_Exercise aim:_
Give an exact copy of the lines from the beginning of the listing below to the "rewrite -sum1_card (partition_big" line, inclusive.
=-=-=
Lemma erased_group_of c : c \in E -> erased (group_of g c) = c.
Proof.
move=> cE; have /eqP/cards1P [c0 E_c0] := E_one (group_of g c).
have := erased_in (group_of g c); rewrite E_c0 inE => /eqP ->; apply/esym/set1P.
by rewrite -E_c0 in_setI cE in_local_group eqxx.
Qed.

Lemma card_erasure : #|E| = l.
Proof.
rewrite -sum1_card (partition_big (group_of g) predT) //=.
rewrite (eq_bigr (fun _ => 1%N)) ?sum1_card ?card_ord // => j _.
by rewrite -[RHS](E_one j) -sum1_card; apply: eq_bigl => c; rewrite inE in_local_group.
Qed.

Lemma enc_shift_orth x j : (j < h)%N ->
  \sum_c enc moore_heavy g x c * (b c - b (erased (group_of g c))) ^+ (2 ^ j) = 0.
Proof.
move=> lt_jh; under eq_bigr do rewrite (expr2nB charF2) mulrBr.
rewrite sumrB enc_moore_orth //.
by rewrite (enc_group_orth _ _ charF2 x (fun j' => b (erased j') ^+ (2 ^ j))) subrr.
Qed.

Lemma enc_vanish_outside x : (punct_weight moore_heavy g E x <= h)%N ->
  forall c, c \notin E -> enc moore_heavy g x c = 0.
Proof.
move=> weight_h; pose T := [set c | (c \notin E) && (enc moore_heavy g x c != 0)].
pose shift c := b c - b (erased (group_of g c)).
have vanish_T : {in T, forall c, enc moore_heavy g x c = 0}.
  apply: (@moore_vanishing _ charF2 _ T shift _ h weight_h) => [J JT J0 | j lt_jh].
    apply: design_b J0 (leq_trans (subset_leq_card JT) weight_h) _ _ => j.
      by have /setIP [] := erased_in j.
    apply: contraL (erased_in j) => /(subsetP JT).
    by rewrite !inE => /andP [/negbTE ->].
  rewrite -[RHS](enc_shift_orth x lt_jh) [RHS](bigID (mem T)) /=.
  rewrite [X in _ = _ + X]big1 ?addr0 // => c; rewrite inE negb_and !negbK.
  case/orP => [/erased_group_of cE | /eqP ->]; last by rewrite mul0r.
  by rewrite /shift cE subrr expr0n expn_eq0 mulr0.
move=> c cE; apply/eqP; apply: contraT => enc_c.
have cT : c \in T by rewrite inE cE enc_c.
by rewrite vanish_T // eqxx in enc_c.
Qed.

Lemma enc_vanish_inside x : (forall c, c \notin E -> enc moore_heavy g x c = 0) ->
  forall c, c \in E -> enc moore_heavy g x c = 0.
Proof.
move=> outside0 c cE; have := enc_local_sum g moore_heavy charF2 x (group_of g c).
rewrite (bigD1 c) //= big1 ?addr0 // => c' /andP [/eqP c'c neq_c'c].
apply: outside0; apply: contra neq_c'c => c'E.
by rewrite -(erased_group_of c'E) -(erased_group_of cE) c'c.
Qed.

Lemma moore_light_codeword x : (punct_weight moore_heavy g E x <= h)%N -> x = 0.
Proof.
move=> weight_h.
have enc0 c : enc moore_heavy g x c = 0.
  have outside0 := enc_vanish_outside weight_h.
  by case: (boolP (c \in E)) => [/(enc_vanish_inside outside0) | /outside0].
have : data_heavy moore_heavy x = 0 by apply/rowP => i; rewrite [RHS]mxE; exact: (enc0 (inl i)).
by move/(congr1 lsubmx); rewrite /data_heavy row_mxKl linear0.
Qed.

Lemma moore_punctured_MDS : punctured_MDS moore_heavy g E.
Proof.
split.
- by apply/eqP; rewrite -(eqn_add2l #|E|) cardsC card_erasure card_sum !card_ord addnC.
- move=> x y eq_xy; apply/eqP; rewrite -subr_eq0; apply/eqP/moore_light_codeword.
  apply: leq_trans (leq0n h); rewrite leqn0 cards_eq0; apply/eqP/setP => c.
  by rewrite !inE encB; case: (boolP (c \in E)) => //= cE; rewrite eq_xy // subrr eqxx.
- move=> x x0; rewrite addn1 ltnNge; apply: contra x0 => /moore_light_codeword ->.
  exact: eqxx.
Qed.

End Puncture.

Lemma moore_max_recoverable : max_recoverable moore_heavy g.
Proof. by move=> E E_one; apply: moore_punctured_MDS. Qed.

End MooreCode.

Section Blocks.
Variables (n r : nat).
Hypotheses (r_gt0 : (0 < r)%N) (r_dvd_n : (r %| n)%N).

Lemma block_lt (i : 'I_n) : (i %/ r < n %/ r)%N.
Proof. by rewrite ltn_divLR // divnK. Qed.

Definition block (i : 'I_n) : 'I_(n %/ r) := Ordinal (block_lt i).
Definition offset (i : 'I_n) : 'I_r := Ordinal (ltn_pmod i r_gt0).

Lemma block_offset_inj i i' : block i = block i' -> offset i = offset i' -> i = i'.
Proof.
by move=> [] eq_div [] eq_mod; apply/val_inj; rewrite /= (divn_eq i r) (divn_eq i' r) eq_div eq_mod.
Qed.

Lemma card_block j : #|[set i | block i == j]| = r.
Proof.
have lt_jr (p : 'I_r) : (j * r + p < n)%N.
  have := ltn_ord j; have := ltn_ord p; rewrite -{2 4}(divnK r_dvd_n); nia.
have -> : [set i | block i == j] = [set Ordinal (lt_jr p) | p : 'I_r].
  apply/setP => i; rewrite inE; apply/eqP/imsetP => [bij | [p _ ->]].
    by exists (offset i) => //; apply/val_inj; rewrite /= -bij /= -divn_eq.
  by apply/val_inj; rewrite /= divnMDl // (divn_small (ltn_ord p)) addn0.
by rewrite card_imset ?card_ord // => p p' [] /addnI /val_inj.
Qed.

End Blocks.

Section OffsetBits.
Variables (k h l r : nat) (g : 'I_(k + h) -> 'I_l) (pos : 'I_(k + h) -> 'I_r).
Hypothesis g_pos_inj : forall i i', g i = g i' -> pos i = pos i' -> i = i'.

Definition bits (c : coord k h l) : 'rV['F_2]_r :=
  match c with inl i => delta_mx 0 (pos i) | inr _ => 0 end.

Lemma bits_group_sum_neq0 (I : {set coord k h l}) (e : 'I_l -> coord k h l) :
  I != set0 -> (forall j, e j \in local_group g j) -> (forall j, e j \notin I) ->
  exists j, \sum_(c in I | group_of g c == j) (bits c - bits (e j)) != 0.
Proof.
move=> I0 e_grp e_I.
have e_neq j c : c \in I -> e j != c by move=> cI; apply: contraNneq (e_I j) => ->.
case: (pickP [pred i | inl i \in I]) => [i0 i0I | no_inl].
  have {}i0I : inl i0 \in I := i0I.
  exists (g i0); pose p := pos i0.
  have bits_p c : group_of g c == g i0 -> c != inl i0 -> bits c 0 p = 0.
    case: c => [i /eqP gi ni|j _] /=; rewrite mxE //=.
    by case: eqP => // pe; case/eqP: ni; rewrite (g_pos_inj gi (esym pe)).
  have bits_e : bits (e (g i0)) 0 p = 0.
    by apply: bits_p; rewrite ?e_neq // -in_local_group.
  apply/negP => /eqP /rowP /(_ p); rewrite summxE mxE (bigD1 (inl i0)) /=; last first.
    by rewrite i0I eqxx.
  rewrite big1 => [|c /andP [/andP [_ gc] nc]]; last by rewrite !mxE bits_p // bits_e subrr.
  by rewrite !mxE bits_e /p !eqxx subr0 addr0 => /eqP; rewrite oner_eq0.
have [[i | j0] j0I] := set0Pn _ I0; first by have := no_inl i; rewrite /= j0I.
exists j0; rewrite (bigD1 (inr j0)) ?j0I ?eqxx //= big1 ?addr0; last first.
  move=> [i|j] /andP [/andP [cI /eqP gc] nc]; first by have := no_inl i; rewrite /= cI.
  by move: nc; rewrite -gc eqxx.
rewrite sub0r oppr_eq0; have := e_grp j0; have := e_neq j0 _ j0I; rewrite in_local_group.
case: (e j0) => [i _ _ | j /eqP ne /eqP /= ej]; last by case: ne; rewrite ej.
by apply/eqP => /rowP /(_ (pos i)); rewrite !mxE !eqxx => /eqP; rewrite oner_eq0.
Qed.

Lemma bits_design : (l <= 1)%N -> mr_design g bits.
Proof.
move=> l_le1 I e I0 _ e_grp e_I.
have [j sum_j] := bits_group_sum_neq0 I0 e_grp e_I.
have all_j c : group_of g c = j.
  by apply: ord_inj; have := ltn_ord (group_of g c); have := ltn_ord j; move: l_le1; lia.
apply: contra sum_j => /eqP sum0; apply/eqP; rewrite -[RHS]sum0.
by apply: eq_big => [c|c _]; rewrite all_j ?eqxx ?andbT.
Qed.

End OffsetBits.

Section FrobeniusVandermonde.
Variables (K : fieldType) (r l h : nat) (al : 'I_l -> K).
Hypotheses (charK2 : (2 \in [pchar K])%N) (r_gt0 : (0 < r)%N) (al_inj : injective al).

Lemma vandermonde_vanishing (x : 'I_l -> K) :
  (#|[set j | x j != 0%R]| <= h)%N ->
  (forall n, (n < h)%N -> \sum_j x j * al j ^+ n = 0) -> forall j, x j = 0.
Proof.
move=> supp_h eq_x j0; apply: contraTeq isT => xj0.
pose P := \prod_(j <- enum ([set j | x j != 0%R] :\ j0)) ('X - (al j)%:P).
have size_P : (size P <= h)%N.
  rewrite size_prod_XsubC -cardE; apply: leq_trans supp_h.
  by rewrite [X in (_ <= X)%N](cardsD1 j0) inE xj0.
have : \sum_j x j * P.[al j] = 0.
  under eq_bigr do rewrite horner_coef mulr_sumr.
  rewrite exchange_big /= big1 // => n _; under eq_bigr do rewrite mulrCA.
  by rewrite -mulr_sumr eq_x ?mulr0 // (leq_trans (ltn_ord n) size_P).
rewrite (bigD1 j0) //= big1 ?addr0 => [/eqP|j neq_j]; last first.
  have [-> | xj] := eqVneq (x j) 0; first by rewrite mul0r.
  rewrite [P.[_]](rootP _) ?mulr0 // /P -(big_map al xpredT (fun a => 'X - a%:P)).
  by rewrite root_prod_XsubC map_f // mem_enum !inE neq_j.
rewrite mulf_eq0 (negbTE xj0) horner_prod prodf_seq_eq0 /=.
case/hasP => j; rewrite mem_enum !inE => /andP [neq_j _].
by rewrite !hornerE subr_eq0 (inj_eq al_inj) eq_sym (negbTE neq_j).
Qed.

(* For a Frobenius-fixed [x], [S (n * 2 ^ r) = S n ^+ (2 ^ r)] where [S n] is the
   [n]-th power sum: only exponents not divisible by [2 ^ r] matter. *)
Lemma frobenius_power_sums (x : 'I_l -> K) :
  (forall j, x j ^+ (2 ^ r) = x j) -> \sum_j x j = 0 ->
  (forall n, (0 < n < h)%N -> ~~ (2 ^ r %| n)%N -> \sum_j x j * al j ^+ n = 0) ->
  forall n, (n < h)%N -> \sum_j x j * al j ^+ n = 0.
Proof.
move=> x_fixed sum_x eq_x n; elim/ltn_ind: n => n IHn lt_nh.
have [-> | n_gt0] := posnP n; first by under eq_bigr do rewrite mulr1.
have [dvd_n | ] := boolP (2 ^ r %| n)%N; last by apply: eq_x => //; rewrite n_gt0.
have lt_n : (n %/ 2 ^ r < n)%N.
  by rewrite ltn_Pdiv // -{1}(expn0 2) ltn_exp2l.
rewrite -(divnK dvd_n) (eq_bigr (fun j => (x j * al j ^+ (n %/ 2 ^ r)) ^+ (2 ^ r))).
  by rewrite -(expr2n_sum charK2) IHn ?expr0n ?expn_eq0 // (ltn_trans lt_n).
by move=> j _; rewrite exprMn x_fixed exprM.
Qed.

End FrobeniusVandermonde.

Section MooreDesignVectors.
Variables (k h l r m d : nat) (g : 'I_(k + h) -> 'I_l) (pos : 'I_(k + h) -> 'I_r).
Hypotheses (g_pos_inj : forall i i', g i = g i' -> pos i = pos i' -> i = i') (r_gt0 : (0 < r)%N).
Variables (K : fieldType) (ell : 'rV['F_2]_r -> K) (al : 'I_l -> K).
Variables (kap : K -> 'rV['F_2]_m) (js : 'I_d -> nat).
Hypotheses (charK2 : (2 \in [pchar K])%N) (al_inj : injective al).
Hypotheses (ell_inj : injective ell) (ellD : {morph ell : a b / a + b}).
Hypothesis ell_fixed : forall a, ell a ^+ (2 ^ r) = ell a.
Hypotheses (kap_inj : injective kap) (kapD : {morph kap : a b / a + b}).
Hypothesis js_cover : forall n, (0 < n < h)%N -> ~~ (2 ^ r %| n)%N -> exists t, js t = n.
=-=-=
_Your response:_
Lemma erased_group_of c : c \in E -> erased (group_of g c) = c.
Proof.
move=> cE; have /eqP/cards1P [c0 E_c0] := E_one (group_of g c).
have := erased_in (group_of g c); rewrite E_c0 inE => /eqP ->; apply/esym/set1P.
by rewrite -E_c0 in_setI cE in_local_group eqxx.
Qed.

Lemma card_erasure : #|E| = l.
Proof.
rewrite -sum1_card (partition_big (group_of g) predT) //=.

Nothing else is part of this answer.